I have a Ys240 Ricky that i might want to sell. Is there folks out there that might like to Buy it? Runs great very well taken care of bought a newer model. Let me know thanks


----------



## Bigsnapper (Oct 16, 2018)

Bigsnapper said:


> I have a Ys240 Ricky that i might want to sell. Is there folks out there that might like to Buy it? Runs great very well taken care of bought a newer model. Let me know thanks


----------



## Bigsnapper (Oct 16, 2018)

Ok I would like to sell, any one out there be interested let me know i can also post some pictures if interested. very clean in North Dakota


----------



## orangputeh (Nov 24, 2016)

deliver? and how much buddy?


----------



## cpchriste (Jan 19, 2014)

Bigsnapper said:


> I have a Ys240 Ricky that i might want to sell. Is there folks out there that might like to Buy it? Runs great very well taken care of bought a newer model.

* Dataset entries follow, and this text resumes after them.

(* $\mathsf{FindHS}_{\boldsymbol{\Sigma}^0_1} \times \mathsf{FindHS}_{\boldsymbol{\Sigma}^0_1} \le_{\mathrm{sW}} \mathsf{FindHS}_{\boldsymbol{\Sigma}^0_1}$.
   Context: Strong Weihrauch reducibility: $f\le_{\mathrm{sW}} g$ iff there are computable $\Phi,\Psi$ on Baire space with $\Psi\circ G\circ\Phi$ realizing $f$ for every realizer $G$ of $g$. $f\times g$ is the parallel product $(x,z)\mapsto f(x)\times g(z)$. The Ramsey space $[\mathbb{N}]^\mathbb{N}$ is the set of strictly increasing functions $\mathbb{N}\to\mathbb{N}$ with Baire-space topology; $fg=f\circ g$. For $P\subseteq[\mathbb{N}]^\mathbb{N}$, $f$ is homogeneous for $P$ if either $fg\in P$ for all $g\in[\mathbb{N}]^\mathbb{N}$ or $fg\notin P$ for all $g$; $\mathrm{HS}(P)$ is the set of homogeneous solutions. Open sets of $[\mathbb{N}]^\mathbb{N}$ are named by enumerations of sets of finite strictly increasing strings whose cones have union the set. $\mathsf{FindHS}_{\boldsymbol{\Sigma}^0_1}$: input an open $P$ with $\mathrm{HS}(P)\cap P\ne\emptyset$, output any element of $\mathrm{HS}(P)\cap P$. *)

From mathcomp Require Import all_boot.
Set Implicit Arguments. Unset Strict Implicit. Unset Printing Implicit Defensive.

Inductive prf : Type :=
| PZero : prf
| PSucc : prf
| PProj : nat -> prf
| PComp : prf -> list prf -> prf
| PRec  : prf -> prf -> prf
| PMin  : prf -> prf.

Inductive peval : prf -> seq nat -> nat -> Prop :=
| ev_zero v : peval PZero v 0
| ev_succ v : peval PSucc v (head 0 v).+1
| ev_proj i v : peval (PProj i) v (nth 0 v i)
| ev_comp f gs v ws y :
    pevals gs v ws -> peval f ws y -> peval (PComp f gs) v y
| ev_rec0 f g v y : peval f v y -> peval (PRec f g) (0 :: v) y
| ev_recS f g n v y z :
    peval (PRec f g) (n :: v) y -> peval g (n :: y :: v) z ->
    peval (PRec f g) (n.+1 :: v) z
| ev_min f v n :
    peval f (n :: v) 0 ->
    (forall m, m < n -> exists k, peval f (m :: v) k.+1) ->
    peval (PMin f) v n
with pevals : list prf -> seq nat -> seq nat -> Prop :=
| evs_nil v : pevals nil v [::]
| evs_cons g gs v y ys :
    peval g v y -> pevals gs v ys -> pevals (g :: gs) v (y :: ys).

Definition computable_nat (h : nat -> nat) : Prop :=
  exists c, forall x, peval c [:: x] (h x).

Definition computable_seq (h : seq nat -> seq nat) : Prop :=
  computable_nat (fun x => CodeSeq.code (h (CodeSeq.decode x))).

Definition baire := nat -> nat.

Definition prefix (p : baire) (n : nat) : seq nat := mkseq p n.

(* The functional given by the (computable) approximation h on finite
   prefixes maps input p to output q: every output digit is eventually
   produced, and every produced digit is correct. *)
Definition fcomputes (h : seq nat -> seq nat) (p q : baire) : Prop :=
  (forall i, exists n, i < size (h (prefix p n))) /\
  (forall n i, i < size (h (prefix p n)) -> nth 0 (h (prefix p n)) i = q i).

Definition incr (f : baire) : Prop := forall n, f n < f n.+1.

Definition homogeneous (P : baire -> Prop) (f : baire) : Prop :=
  incr f /\
  ((forall g, incr g -> P (f \o g)) \/ (forall g, incr g -> ~ P (f \o g))).

(* Names of open sets: p n = 0 means "nothing", p n = k.+1 enumerates the
   finite string CodeSeq.decode k, which must be strictly increasing. *)
Definition open_name (p : baire) : Prop :=
  forall n, 0 < p n -> sorted ltn (CodeSeq.decode (p n).-1).

Definition is_prefix_of (s : seq nat) (f : baire) : Prop :=
  forall i, i < size s -> nth 0 s i = f i.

I would certainly like a newer model! What year?


----------



## Bigsnapper (Oct 16, 2018)

orangputeh said:


> deliver? and how much buddy?


looking st $650.00 for it and what is your location?? thanks


----------



## Bigsnapper (Oct 16, 2018)

cpchriste said:


> I would certainly like a newer model! What year?


It is a 1992 Ricky. Thanks


----------



## Yamaha blue (Dec 30, 2021)

Bigsnapper said:


> Ok I would like to sell, any one out there be interested let me know i can also post some pictures if interested. very clean in North Dakota


Hi, I am interested in your Yamaha Ricky snowblower. I would pay your asking price. I like in Freedom Wi. Near Green Bay . I will pay and set up shipping . Please message back or you can call or text me at 1 (920)960-0761 thanks much. Keith


----------



## Bigsnapper (Oct 16, 2018)

This is now sold Thanks


----------